● **ASSIGNED TASK**
Would you give again, exactly, the lines running from the line with "with ((pow_quot k" to the end of the data below, both included?

++++++++

(* For every integer $d\ge 2$, $\mathcal Q_d$ is an open subset of $\mathcal C_d$ (and hence of $\mathcal A_d$).
   Context: A polynomial knot is a map $\phi:\mathbb R\to\mathbb R^3$ with real polynomial components which is a smooth embedding ($\phi$ injective and $\phi'(t)\ne0$ for all $t$). For $d\ge2$, $\mathcal A_d$ is the set of polynomial maps $t\mapsto(f(t),g(t),h(t))$ with $\deg f\le d-2$, $\deg g\le d-1$, $\deg h\le d$, topologized via the bijection with Euclidean $\mathbb R^{3d}$ sending $(f,g,h)$ to its coefficient vector $(a_0,\dots,a_{d-2},b_0,\dots,b_{d-1},c_0,\dots,c_d)$, where $f=\sum a_it^i$, $g=\sum b_it^i$, $h=\sum c_it^i$. $\mathcal C_d\subseteq\mathcal A_d$ is the subspace of maps with $\deg f=d-2$, $\deg g=d-1$, $\deg h=d$ exactly, and $\mathcal Q_d$ is the set of polynomial knots in $\mathcal C_d$. *)

From Stdlib Require Import Reals.
Open Scope R_scope.

(* A point of A_d is represented by three coefficient sequences (a, b, c);
   only a_0..a_{d-2}, b_0..b_{d-1}, c_0..c_d matter. *)

Definition peval (a : nat -> R) (n : nat) (t : R) : R :=
  sum_f_R0 (fun i => a i * t ^ i) n.

Definition phiX (d : nat) (a : nat -> R) := peval a (d - 2).
Definition phiY (d : nat) (b : nat -> R) := peval b (d - 1).
Definition phiZ (d : nat) (c : nat -> R) := peval c d.

Definition inC (d : nat) (a b c : nat -> R) : Prop :=
  a (d - 2)%nat <> 0 /\ b (d - 1)%nat <> 0 /\ c d <> 0.

Definition is_poly_knot (d : nat) (a b c : nat -> R) : Prop :=
  (forall s t : R,
     phiX d a s = phiX d a t -> phiY d b s = phiY d b t ->
     phiZ d c s = phiZ d c t -> s = t) /\
  (forall t : R, exists l1 l2 l3 : R,
     derivable_pt_lim (phiX d a) t l1 /\
     derivable_pt_lim (phiY d b) t l2 /\
     derivable_pt_lim (phiZ d c) t l3 /\
     ~ (l1 = 0 /\ l2 = 0 /\ l3 = 0)).

Definition inQ (d : nat) (a b c : nat -> R) : Prop :=
  inC d a b c /\ is_poly_knot d a b c.

(* (a',b',c') lies in the eps-ball (sup norm on R^{3d}, which induces the
   Euclidean topology) around (a,b,c) *)
Definition close (d : nat) (eps : R) (a b c a' b' c' : nat -> R) : Prop :=
  (forall i, (i <= d - 2)%nat -> Rabs (a' i - a i) < eps) /\
  (forall i, (i <= d - 1)%nat -> Rabs (b' i - b i) < eps) /\
  (forall i, (i <= d)%nat -> Rabs (c' i - c i) < eps).

(* Write Dp(s,t) = (p(s) - p(t)) / (s - t) for the divided difference of a polynomial p,
   extended by p'(t) on the diagonal; it is a polynomial in (s,t) whose coefficients depend
   linearly on those of p.  The map (f,g,h) is a polynomial knot exactly when Df, Dg, Dh
   never vanish simultaneously.  One of d-1, d is odd; for the component q of that odd
   degree m, Dq is dominated by its leading part q_m (s^m - t^m)/(s - t), which is at least
   |q_m| max(|s|,|t|)^(m-1) / 2, so Dq has no zero far from the origin, uniformly for nearby
   coefficients.  On the remaining compact square |Df| + |Dg| + |Dh| has a positive minimum,
   and a perturbation of the coefficients moves it by an amount proportional to its size. *)

From Stdlib Require Import Reals Lra Lia Psatz ClassicalEpsilon.
Open Scope R_scope.

Lemma Rabs_le_iff x r : Rabs x <= r <-> - r <= x <= r.
Proof. unfold Rabs; destruct Rcase_abs; split; intros; lra. Qed.

Lemma Rabs_le_sum_f_R0 a n k : (k <= n)%nat -> Rabs (a k) <= sum_f_R0 (fun i => Rabs (a i)) n.
Proof.
  induction n as [|n IH]; intros Hk; simpl.
  - replace k with 0%nat by lia. lra.
  - pose proof (Rabs_pos (a (S n))).
    destruct (Nat.eq_dec k (S n)) as [->|Hne].
    + pose proof (cond_pos_sum (fun i => Rabs (a i)) n (fun i => Rabs_pos _)). lra.
    + pose proof (IH ltac:(lia)). lra.
Qed.

Fixpoint pow_quot (k : nat) (s t : R) : R :=
  match k with O => 0 | S k => s ^ k + t * pow_quot k s t end.

Lemma pow_quotP k s t : (s - t) * pow_quot k s t = s ^ k - t ^ k.
Proof.
  induction k as [|k IH]; simpl; [ring|].
  replace ((s - t) * (s ^ k + t * pow_quot k s t))
    with ((s - t) * s ^ k + t * ((s - t) * pow_quot k s t)) by ring.
  rewrite IH. ring.
Qed.

Lemma pow_quotC k s t : pow_quot k s t = pow_quot k t s.
Proof.
  destruct (Req_dec s t) as [->|Hst]; [reflexivity|].
  apply (Rmult_eq_reg_l (s - t)); [|lra].
  replace ((s - t) * pow_quot k t s) with (- ((t - s) * pow_quot k t s)) by ring.
  rewrite !pow_quotP. ring.
Qed.

Lemma pow_quot_diag k t : pow_quot k t t = INR k * t ^ pred k.
Proof.
  induction k as [|k IH]; simpl; [ring|].
  rewrite IH. destruct k as [|k]; simpl; [ring|].
  rewrite <- (S_INR k). rewrite S_INR. ring.
Qed.

Lemma pow_quotZ k l s t : pow_quot (S k) (l * s) (l * t) = l ^ k * pow_quot (S k) s t.
Proof.
  induction k as [|k IH]; [simpl; ring|].
  change (pow_quot (S (S k)) (l * s) (l * t))
    with ((l * s) ^ S k + l * t * pow_quot (S k) (l * s) (l * t)).
  change (pow_quot (S (S k)) s t) with (s ^ S k + t * pow_quot (S k) s t).
  rewrite IH, Rpow_mult_distr. simpl. ring.
Qed.

Lemma pow_quot_bound k s t r : 0 <= r -> Rabs s <= r -> Rabs t <= r ->
  Rabs (pow_quot k s t) * r <= INR k * r ^ k.
Proof.
  intros Hr Hs Ht. induction k as [|k IH]; simpl pow_quot.
  - rewrite Rabs_R0. simpl. lra.
  - assert (Hsum : Rabs (s ^ k + t * pow_quot k s t) <= r ^ k + r * Rabs (pow_quot k s t)).
    { eapply Rle_trans; [apply Rabs_triang|]. rewrite Rabs_mult, <- RPow_abs.
      apply Rplus_le_compat.
      - apply pow_incr. split; [apply Rabs_pos|exact Hs].
      - apply Rmult_le_compat_r; [apply Rabs_pos|exact Ht]. }
    rewrite S_INR. simpl pow.
    apply Rle_trans with ((r ^ k + r * Rabs (pow_quot k s t)) * r).
    + apply Rmult_le_compat_r; assumption.
    + nra.
Qed.

Lemma pow_quot_lipschitzl k s s' t r : 1 <= r -> Rabs s <= r -> Rabs s' <= r -> Rabs t <= r ->
  Rabs (pow_quot k s t - pow_quot k s' t) <= INR k * INR k * r ^ k * Rabs (s - s').
Proof.
  intros Hr Hs Hs' Ht. induction k as [|k IH]; simpl pow_quot.
  - rewrite Rminus_0_r, Rabs_R0. simpl. lra.
  - replace (s ^ k + t * pow_quot k s t - (s' ^ k + t * pow_quot k s' t))
      with ((s - s') * pow_quot k s s' + t * (pow_quot k s t - pow_quot k s' t))
      by (rewrite pow_quotP; ring).
    eapply Rle_trans; [apply Rabs_triang|]. rewrite !Rabs_mult.
    pose proof (pow_quot_bound k s s' r ltac:(lra) Hs Hs') as Hb.
    pose proof (pos_INR k). pose proof (pow_R1_Rle r k Hr).
    pose proof (Rabs_pos (s - s')). pose proof (Rabs_pos t).
    pose proof (Rabs_pos (pow_quot k s s')).
    pose proof (Rabs_pos (pow_quot k s t - pow_quot k s' t)).
    rewrite S_INR. simpl pow.
    apply Rle_trans with
      (Rabs (s - s') * (INR k * r ^ k) + r * (INR k * INR k * r ^ k * Rabs (s - s'))).
    + apply Rplus_le_compat; [|apply Rmult_le_compat; lra].
      apply Rmult_le_compat_l; [lra|]. nra.
    + assert (0 <= INR k * r ^ k * Rabs (s - s') * (r - 1)) by (repeat apply Rmult_le_pos; lra).
      assert (0 <= INR k * INR k * r ^ k * Rabs (s - s')) by (repeat apply Rmult_le_pos; lra).
      assert (0 <= r ^ k * Rabs (s - s')) by (apply Rmult_le_pos; lra).
      nra.
Qed.

Lemma pow_quot_lipschitz k s s' t t' r : 1 <= r ->
  Rabs s <= r -> Rabs s' <= r -> Rabs t <= r -> Rabs t' <= r ->
  Rabs (pow_quot k s t - pow_quot k s' t') <=
  INR k * INR k * r ^ k * (Rabs (s - s') + Rabs (t - t')).
Proof.
  intros. replace (pow_quot k s t - pow_quot k s' t')
    with ((pow_quot k s t - pow_quot k s' t) + (pow_quot k t s' - pow_quot k t' s'))
    by (rewrite (pow_quotC k s' t), (pow_quotC k s' t'); ring).
  eapply Rle_trans; [apply Rabs_triang|]. rewrite Rmult_plus_distr_l.
  apply Rplus_le_compat; apply pow_quot_lipschitzl; assumption.
Qed.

++++++++

● **RESPONSE TO THE EXERCISE**
    with ((pow_quot k s t - pow_quot k s' t) + (pow_quot k t s' - pow_quot k t' s'))
    by (rewrite (pow_quotC k s' t), (pow_quotC k s' t'); ring).
  eapply Rle_trans; [apply Rabs_triang|]. rewrite Rmult_plus_distr_l.
  apply Rplus_le_compat; apply pow_quot_lipschitzl; assumption.
Qed.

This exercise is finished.